The price tag for a number of projects has ballooned. For example, the cost to extend the Gold Line east of Azusa has increased by 38% to $2.1 billion forcing the Foothill Gold Line Construction Authority to reduce its length by three miles, postponing the construction of two stations, the Los Angeles Times reports.
Metro plans to complete at least five new projects during the decade, including the Westside subway, the Regional Connector subway and a line in the San Fernando Valley. The Los Angeles Times reports that there are also calls for four more major projects to be completed before 2028, including a transit line through the Sepulveda Pass, a rail line to Artesia, an Eastside extension of the Gold Line and a Green Line extension to Torrance.

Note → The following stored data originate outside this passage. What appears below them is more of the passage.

(* Let $\Omega_n=\dfrac{\pi^{n/2}}{\Gamma\left(\frac n2+1\right)}$ for $n\in\mathbb{N}$. Define, for $n\in\mathbb{N}$, \[ \mu(n)=\frac{1}{6n^{2}}-\frac{1}{45n^{4}}+\frac{8}{315n^{6}}-\frac{8}{105n^{8}},\qquad \lambda(n)=\mu(n)+\frac{1}{128n^{10}}, \] \[ \alpha(n)=-\frac{n+1}{2n}\ln\frac{n}{2}+\frac12\ln(\pi e)-\frac{\ln 2\pi}{2n}-\lambda(n),\qquad \beta(n)=-\frac{n+1}{2n}\ln\frac{n}{2}+\frac12\ln(\pi e)-\frac{\ln 2\pi}{2n}-\mu(n). \] Then $\alpha(n)-\beta(n+1)>0$ for every $n\in\mathbb{N}$. In consequence, the sequence $\left\{\Omega_n^{1/n}\right\}_{n\ge1}$ decreases monotonically (to $0$).
   Context: $\Omega_n$ is the volume of the unit ball in $\mathbb{R}^n$; $\Gamma$ is Euler's gamma function. The functions $\alpha,\beta$ satisfy $\alpha(n)<\frac1n\ln\Omega_n<\beta(n)$ for all $n\in\mathbb{N}$ (a previously known result). *)

From Stdlib Require Import Reals.
From Coquelicot Require Import Coquelicot.
Open Scope R_scope.

Definition Gamma (x : R) : R :=
  RInt_gen (fun t => Rpower t (x - 1) * exp (- t)) (at_right 0) (Rbar_locally p_infty).

(* Volume of the unit ball in R^n. *)
Definition Omega (n : nat) : R := Rpower PI (INR n / 2) / Gamma (INR n / 2 + 1).

Definition mu (n : nat) : R :=
  let x := INR n in
  1 / (6 * x ^ 2) - 1 / (45 * x ^ 4) + 8 / (315 * x ^ 6) - 8 / (105 * x ^ 8).

Definition lambda (n : nat) : R := mu n + 1 / (128 * INR n ^ 10).

Definition alpha (n : nat) : R :=
  let x := INR n in
  - (x + 1) / (2 * x) * ln (x / 2) + 1 / 2 * ln (PI * exp 1)
  - ln (2 * PI) / (2 * x) - lambda n.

Accelerating construction of these lines would require $3.3 billion more for construction, interest on an additional $10 billion in debt financing, and $1.2 billion to operate the lines over a decade, the newspaper says, assuming project costs don’t rise.
While Metro is looking to finance these projects through traditional streams such as tax revenue, bonds and grants from federal and state agencies, it is also looking to PPPs as an alternative to cover the funding gaps.
In June 2018, Los Angeles World Airports (LAWA) awarded an ACS Group/Hochtief-led consortium a $4.9 billion PPP DBFOM (design, build, finance, operate, maintain) for an automated peoplemover (APM) at Los Angeles Airport.